The church bookstore is filled with black nationalist literature, among which Nation of Islam books are prominently featured, especially those by Malcolm X. Wright was never coy about his “church’s” being a home for the black liberation theology of James H. Cone. The entire offerings of his book store were aimed at the cloaking of racist nationalism with religious trappings. Jeremiah Wright, before he studied for the “Christian ministry,” earned a master’s degree in Islamic studies at the University of Chicago. Black liberation theology is, in Cone’s own words, an attempt to forge the Christianity of Martin Luther King, Jr. with the black nationalist Muslim creed of Malcolm X.

Louis Farrakhan, in early 2008, made a public announcement that he was indeed backing Barack Obama’s candidacy and throwing the weight of the black Muslim (Nation of Islam) community in with Obama. Russert asked Obama whether he would then publicly disclaim this support and formally reject it. And Obama performed one of his now all-too-familiar verbal two-steps, saying, “I have been very clear in my denunciation of Minister Farrakhan’s anti-Semitic comments. I think they are unacceptable and reprehensible […]. I obviously can’t censor him, but it is not support that I sought […].”

Careful listeners noted that Barack Obama never dropped the honorific “Minister” when referring to Farrakhan.

Russert wouldn’t let it go at that, though. He reminded Obama that his own pastor and spiritual mentor, Jeremiah Wright, had gone with Louis Farrakhan in 1984 to visit Gaddafi — and had later said that when Obama’s opponents found out about it, his “Jewish support would dry up quicker than a snowball in hell.”
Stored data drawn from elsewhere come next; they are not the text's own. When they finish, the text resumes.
(* Let $G=(V,E)$ be a graph with a linear order $<$ on $E$, let $\bar{x}=(x_1,\dots,x_{|V|})$, and define $$U'(G,\bar{x},y)=\sum_{A\subseteq E}\prod_{i=1}^{|V|}x_i^{k_i((V,A))}\,y^{|A|}.$$ Then $$U'(G,\bar{x},y)=\sum_{F=(V,A_f)\in\mathcal{F}(G)}\ \sum_{A_i\subseteq E_i(F,G,<)}\ \prod_{j=1}^{|V|}x_j^{k_j((V,A_f\setminus A_i))}\,y^{|A_f\setminus A_i|}\,(1+y)^{e(F,G,<)}.$$
   Context: A graph $G=(V,E)$ consists of a finite nonempty vertex set $V$ and a finite set $E$ of edges. Each edge has as its set of endpoints a 1- or 2-element subset of $V$, so loops and parallel edges are allowed. $(V,A)$ is the spanning subgraph with edge set $A\subseteq E$. $k(H)$ is the number of connected components of $H$, and $k_i(H)$ is the number of connected components of $H$ having exactly $i$ vertices. $F_{-e+f}$ denotes $F$ with edge $e$ deleted and edge $f$ added. A spanning forest of $G$ is a spanning subgraph $F=(V,A)$ which is a forest (no cycles, no loops) with $k(F)=k(G)$; $\mathcal{F}(G)$ is the set of spanning forests. For a linear order $<$ on $E$ and $F=(V,A_f)\in\mathcal{F}(G)$: $e\in A_f$ is internally active if there is no $f\in E\setminus A_f$ with $e<f$ and $F_{-e+f}\in\mathcal{F}(G)$; the set of these is $E_i(F,G,<)$. $f\in E\setminus A_f$ is externally active if there is no $e\in A_f$ with $f<e$ and $F_{-e+f}\in\mathcal{F}(G)$; $e(F,G,<)$ is the number of externally active edges. *)

From HB Require Import structures.
From mathcomp Require Import all_boot all_order all_algebra.
From Stdlib Require Import ClassicalEpsilon.
Set Implicit Arguments. Unset Strict Implicit. Unset Printing Implicit Defensive.
Import GRing.Theory.
Local Open Scope ring_scope.
(* Let $h\ge2$ be an integer and let $\zeta=e^{2\pi i/h}$. For real $t$ and $r$, define the generalized binomial series \[ \big(\mathcal{B}_{t}(x)\big)^r = \sum_{n \geq 0}\binom{tn+r}{n}\frac{r}{tn+r}x^n \] (the left-hand side is notation for this power series; the term for $n=0$ is $1$). Define \[ r_h = \tfrac{1}{2}\,\mathcal{B}_{h+1}\!\Big(\tfrac{1}{2^{h+1}}\Big),\qquad r_j = \zeta^{-j}\,2^{1/h}\,\mathcal{B}_{(h+1)/h}\!\Big(\zeta^j \big(\tfrac{1}{2}\big)^{(h+1)/h}\Big)^{-1/h}\quad (0\le j\le h-1), \] where $\mathcal{B}_{h+1}(x)$ means $(\mathcal{B}_{h+1}(x))^1$, and $2^{1/h}$, $(1/2)^{(h+1)/h}$ denote positive real roots. Then $r_0,\dots,r_h$ are the $h+1$ roots of the polynomial $1-2z+z^{h+1}$, so that $1-2z+z^{h+1}=\prod_{i=0}^h(z-r_i)$, and for every $n\ge0$, \[ [z^n]\frac{1}{1-2z+z^{h+1}} = -\sum_{i = 0}^h \frac{1}{r_i^{\,n+1}}\prod_{\substack{j = 0\\ j \neq i}}^{h}(r_i - r_j)^{-1}. \]
   Context: Here $[z^n]F(z)$ denotes the coefficient of $z^n$ in the power series expansion of $F$ at $z=0$. The generalized $h$-bonacci numbers, defined by $u_{n+h}=u_{n+h-1}+\cdots+u_n$ with the usual initial values, have generating function $\frac{z}{1-z-\cdots-z^h}=\frac{z(1-z)}{1-2z+z^{h+1}}$, so this gives a Binet-type formula for them. *)

From Stdlib Require Import Reals Factorial.
From Coquelicot Require Import Coquelicot.
Open Scope R_scope.

Fixpoint falling (a : R) (n : nat) : R :=
  match n with O => 1 | S m => falling a m * (a - INR m) end.

Definition gbinom (a : R) (n : nat) : R := falling a n / INR (fact n).

Definition Bcoef (t r : R) (n : nat) : R :=
  match n with
  | O => 1
  | S _ => gbinom (t * INR n + r) n * r / (t * INR n + r)
  end.

Definition Bterm (t r : R) (x : C) (n : nat) : C := (RtoC (Bcoef t r n) * Cpow x n)%C.

(* value of a complex series (componentwise real Series; meaningful when convergent) *)
Definition CSeries (a : nat -> C) : C :=
  (Series (fun n => fst (a n)), Series (fun n => snd (a n))).

Definition Bpow (t r : R) (x : C) : C := CSeries (Bterm t r x).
Obama responded to this with more two-stepping: “Some of my strongest support in this campaign is from the Jewish community […] and the reason is because I have been a stalwart friend of Israel’s. I think they are one of our most important allies in the region and I think their security is sacrosanct.”

So there. Only now that Barack Obama is president of the United States, that fervent statement of support for Israel seems a bit insincere to say the least.

And now that the entire Middle East is a roiling cauldron of unrest, Barack Obama’s leadership seems to be AWOL. Israel’s security very much depends upon which forces emerge victorious in the various countries in her region. And Barack Obama’s actions regarding Farrakhan’s friend, Gaddafi, now seem questionable at best.

As a citizen, I am now asking whether we Americans should not have been so quick to discount all those troublesome associations of Obama’s. In reality, his actions as president, especially regarding foreign policy, seem to be much more in keeping with those “God damn America” proclamations from Wright and those anti-Semitic Muslim diatribes of Farrakhan’s than they are with Obama’s stated denouncements of both.

This is not looking good. In world affairs, there is truly nothing worse than an adolescent mindset coupled with enormous power. It’s rarely a good idea to give one’s car keys to the local gang leader.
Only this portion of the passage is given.